Brief overview of the methodology:

  • The OPTIMAL-AKI (OPTIMAL Selection for and Timing to Start Renal Replacement in Critically Ill Older Patients with Acute Kidney Injury) study was a multi-center prospective observational cohort study conducted in ICUs at 16 academic/tertiary hospitals across Canada.
  • OPTIMAL-AKI recruited older ICU patients with severe AKI and a high likelihood of receiving renal replacement therapy. Specific inclusion criteria were age ≥65 years and severe AKI.
  • Primary exposure was receipt of renal replacement therapy and secondary exposure was the reported willingness by the attending physician to offer renal replacement therapy.
  • The primary study outcome was 90-day all-cause mortality. Secondary outcomes were: mortality in-hospital and at 12-months; renal replacement therapy dependence at hospital discharge and at 12-months; health-related quality-of-life at 6-months and 12-months; and re-hospitalization through 12-months.

Potential impact of findings on clinical practice/patient care and how this impact might be measured:

  • The OPTIMAL-AKI study highlights the challenges and nuances around decision-making for renal replacement therapy initiation in older ICU patients.
  • While select older patients may derive clinical benefit from starting renal replacement therapy, such decisions should ideally be juxtaposed with the potential intermediate and long-term implications.
  • Important patient-centered considerations of renal replacement therapy treatment in the ICU include failure to recover kidney function and development of new or worsened chronic kidney disease or end-stage kidney disease with chronic dialysis dependence, which is also associated with greater impairment in quality-of-life.

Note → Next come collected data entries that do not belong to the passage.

(* (Truth lemma) Let $\Phi$ be the closure $cl(\varphi_0)$ of a formula and $M^*$ the canonical model for $\Phi$. For every $w\in W^*$ and every $\varphi\in\Phi$, $M^*,w\vDash\varphi$ iff $\varphi\in w$.
   Context: $\mathcal{L}_{AIL}$: $\varphi::=p\mid\neg\varphi\mid\varphi\wedge\varphi\mid A_i\varphi\mid I_i\varphi\mid E_i\varphi\mid[\approx]_i\varphi\mid[\circ^+]_i\varphi$ (countable atoms $\mathcal{P}$, finite agents $\mathcal{G}$). Hilbert system $\mathbf{AIL}$: axioms — propositional tautologies; $A_i\varphi\leftrightarrow A_i\neg\varphi$; $A_i(\varphi\wedge\psi)\leftrightarrow A_i\varphi\wedge A_i\psi$; $A_i\varphi\leftrightarrow A_iO_j\varphi$ for $O_j\in\{A_j,I_j,[\approx]_j,[\circ^+]_j,E_j\}$; $A_i\varphi\to I_iA_i\varphi$; $\neg A_i\varphi\to I_i\neg A_i\varphi$; $A_ip\wedge p\to[\approx]_ip$; for $\Box\in\{I_i,[\approx]_i\}$: $\Box(\varphi\to\psi)\to(\Box\varphi\to\Box\psi)$, $\Box\varphi\to\varphi$, $\neg\Box\varphi\to\Box\neg\Box\varphi$; $[\circ^+]_i(\varphi\to\psi)\to([\circ^+]_i\varphi\to[\circ^+]_i\psi)$; $[\circ^+]_i\varphi\to\varphi\wedge[\approx]_iI_i[\circ^+]_i\varphi$; $[\circ^+]_i(\varphi\to[\approx]_iI_i\varphi)\to(\varphi\to[\circ^+]_i\varphi)$; $E_i\varphi\leftrightarrow A_i\varphi\wedge[\circ^+]_i\varphi$; rules: modus ponens, necessitation for $I_i,[\approx]_i,[\circ^+]_i$. $\Gamma\vdash\varphi$ iff $\vdash\bigwedge\Gamma'\to\varphi$ for some finite $\Gamma'\subseteq\Gamma$. $cl(\varphi_0)$ is the smallest set containing $\varphi_0$ closed under: subformulas; $\neg\psi$ for non-negations $\psi$; $A_i\psi\Rightarrow A_i\chi$ for subformulas $\chi$ of $\psi$; $A_i\psi\Rightarrow I_iA_i\psi,I_i\neg A_i\psi,[\approx]_ip$ for atoms $p$ in $\psi$; $I_i\psi\Rightarrow I_iI_i\psi,I_i\neg I_i\psi$ unless $\psi$ is $I_i\chi$ or $\neg I_i\chi$; analogously for $[\approx]_i$; $[\circ^+]_i\psi\Rightarrow[\approx]_iI_i[\circ^+]_i\psi$; $E_i\psi\Rightarrow A_i\psi,[\circ^+]_i\psi$. The canonical model for $\Phi$: $W^*$ = set of maximal consistent sets in $\Phi$ (subsets $\Gamma\subseteq\Phi$ with $\Gamma\nvdash\bot$ not properly extendable within $\Phi$); $(\Gamma,\Delta)\in\sim_i^*$ iff $\{\psi:I_i\psi\in\Gamma\}\subseteq\Delta$; $(\Gamma,\Delta)\in\approx_i^*$ iff $\{\psi:[\approx]_i\psi\in\Gamma\}\subseteq\Delta$; $V^*(p)=\{\Gamma:p\in\Gamma\}$; $\mathscr{A}_i^*(\Gamma)=\{p:A_ip\in\Gamma\}$. Satisfaction in $M^*$: $p$ iff $w\in V^*(p)$; Boolean usual; $A_i\varphi$ iff every atom occurring in $\varphi$ is in $\mathscr{A}_i^*(w)$; $I_i\varphi$, $[\approx]_i\varphi$, $[\circ^+]_i\varphi$ iff $\varphi$ holds at every $v$ with $(w,v)$ in $\sim_i^*$, $\approx_i^*$, $(\sim_i^*\circ\approx_i^* )^+$ respectively, where $\sim_i^*\circ\approx_i^*=\{(w,v):\exists t\,((w,t)\in\approx_i^*,(t,v)\in\sim_i^* )\}$ and $^+$ is transitive closure; $E_i\varphi$ iff $A_i\varphi$ and $[\circ^+]_i\varphi$ hold at $w$. *)

From Stdlib Require Import List Relations.
Import ListNotations.
Set Implicit Arguments.

Inductive form (Ag : Type) : Type :=
| Atom : nat -> form Ag
| Neg  : form Ag -> form Ag
| And  : form Ag -> form Ag -> form Ag
| Aw   : Ag -> form Ag -> form Ag
| Inf  : Ag -> form Ag -> form Ag
| Ind  : Ag -> form Ag -> form Ag
| Cp   : Ag -> form Ag -> form Ag
| Ex   : Ag -> form Ag -> form Ag.
Arguments Atom {Ag} _.

Definition Imp {Ag} (a b : form Ag) : form Ag := Neg (And a (Neg b)).
Definition Iff {Ag} (a b : form Ag) : form Ag := And (Imp a b) (Imp b a).
Definition Bot {Ag} : form Ag := And (Atom 0) (Neg (Atom 0)).
Definition Top {Ag} : form Ag := Neg Bot.

(* Propositional tautologies: true under every Boolean valuation of the
   non-Boolean (atomic or modal) subformulas. *)
Fixpoint peval {Ag} (v : form Ag -> bool) (f : form Ag) : bool :=
  match f with
  | Neg a => negb (peval v a)
  | And a b => andb (peval v a) (peval v b)
  | _ => v f
  end.
Definition tautology {Ag} (f : form Ag) : Prop := forall v, peval v f = true.

Inductive prov {Ag} : form Ag -> Prop :=
| ax_taut : forall f, tautology f -> prov f
| ax_A_neg : forall i f, prov (Iff (Aw i f) (Aw i (Neg f)))
| ax_A_and : forall i f g, prov (Iff (Aw i (And f g)) (And (Aw i f) (Aw i g)))
| ax_A_A : forall i j f, prov (Iff (Aw i f) (Aw i (Aw j f)))
| ax_A_I : forall i j f, prov (Iff (Aw i f) (Aw i (Inf j f)))
| ax_A_Ind : forall i j f, prov (Iff (Aw i f) (Aw i (Ind j f)))
| ax_A_Cp : forall i j f, prov (Iff (Aw i f) (Aw i (Cp j f)))
| ax_A_E : forall i j f, prov (Iff (Aw i f) (Aw i (Ex j f)))
| ax_A_intro : forall i f, prov (Imp (Aw i f) (Inf i (Aw i f)))
| ax_nA_intro : forall i f, prov (Imp (Neg (Aw i f)) (Inf i (Neg (Aw i f))))
| ax_A_atom : forall i p, prov (Imp (And (Aw i (Atom p)) (Atom p)) (Ind i (Atom p)))
| ax_I_K : forall i f g, prov (Imp (Inf i (Imp f g)) (Imp (Inf i f) (Inf i g)))
| ax_I_T : forall i f, prov (Imp (Inf i f) f)
| ax_I_5 : forall i f, prov (Imp (Neg (Inf i f)) (Inf i (Neg (Inf i f))))
| ax_Ind_K : forall i f g, prov (Imp (Ind i (Imp f g)) (Imp (Ind i f) (Ind i g)))
| ax_Ind_T : forall i f, prov (Imp (Ind i f) f)
| ax_Ind_5 : forall i f, prov (Imp (Neg (Ind i f)) (Ind i (Neg (Ind i f))))
| ax_Cp_K : forall i f g, prov (Imp (Cp i (Imp f g)) (Imp (Cp i f) (Cp i g)))
| ax_Cp_fix : forall i f, prov (Imp (Cp i f) (And f (Ind i (Inf i (Cp i f)))))
| ax_Cp_ind : forall i f,
    prov (Imp (Cp i (Imp f (Ind i (Inf i f)))) (Imp f (Cp i f)))
| ax_E : forall i f, prov (Iff (Ex i f) (And (Aw i f) (Cp i f)))
| r_mp : forall f g, prov (Imp f g) -> prov f -> prov g
| r_nec_I : forall i f, prov f -> prov (Inf i f)
| r_nec_Ind : forall i f, prov f -> prov (Ind i f)
| r_nec_Cp : forall i f, prov f -> prov (Cp i f).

Remaining knowledge/research gaps:

  • Frailty was more prevalent among older patients in whom clinicians were less willing to offer renal replacement therapy and among those who did not receive therapy; however, frailty was not associated with 90-day mortality or dialysis dependence.
  • Future work should aim to describe how frailty may modify clinicians’ approach to advanced organ support, such as renal replacement therapy, among older patients admitted to ICU.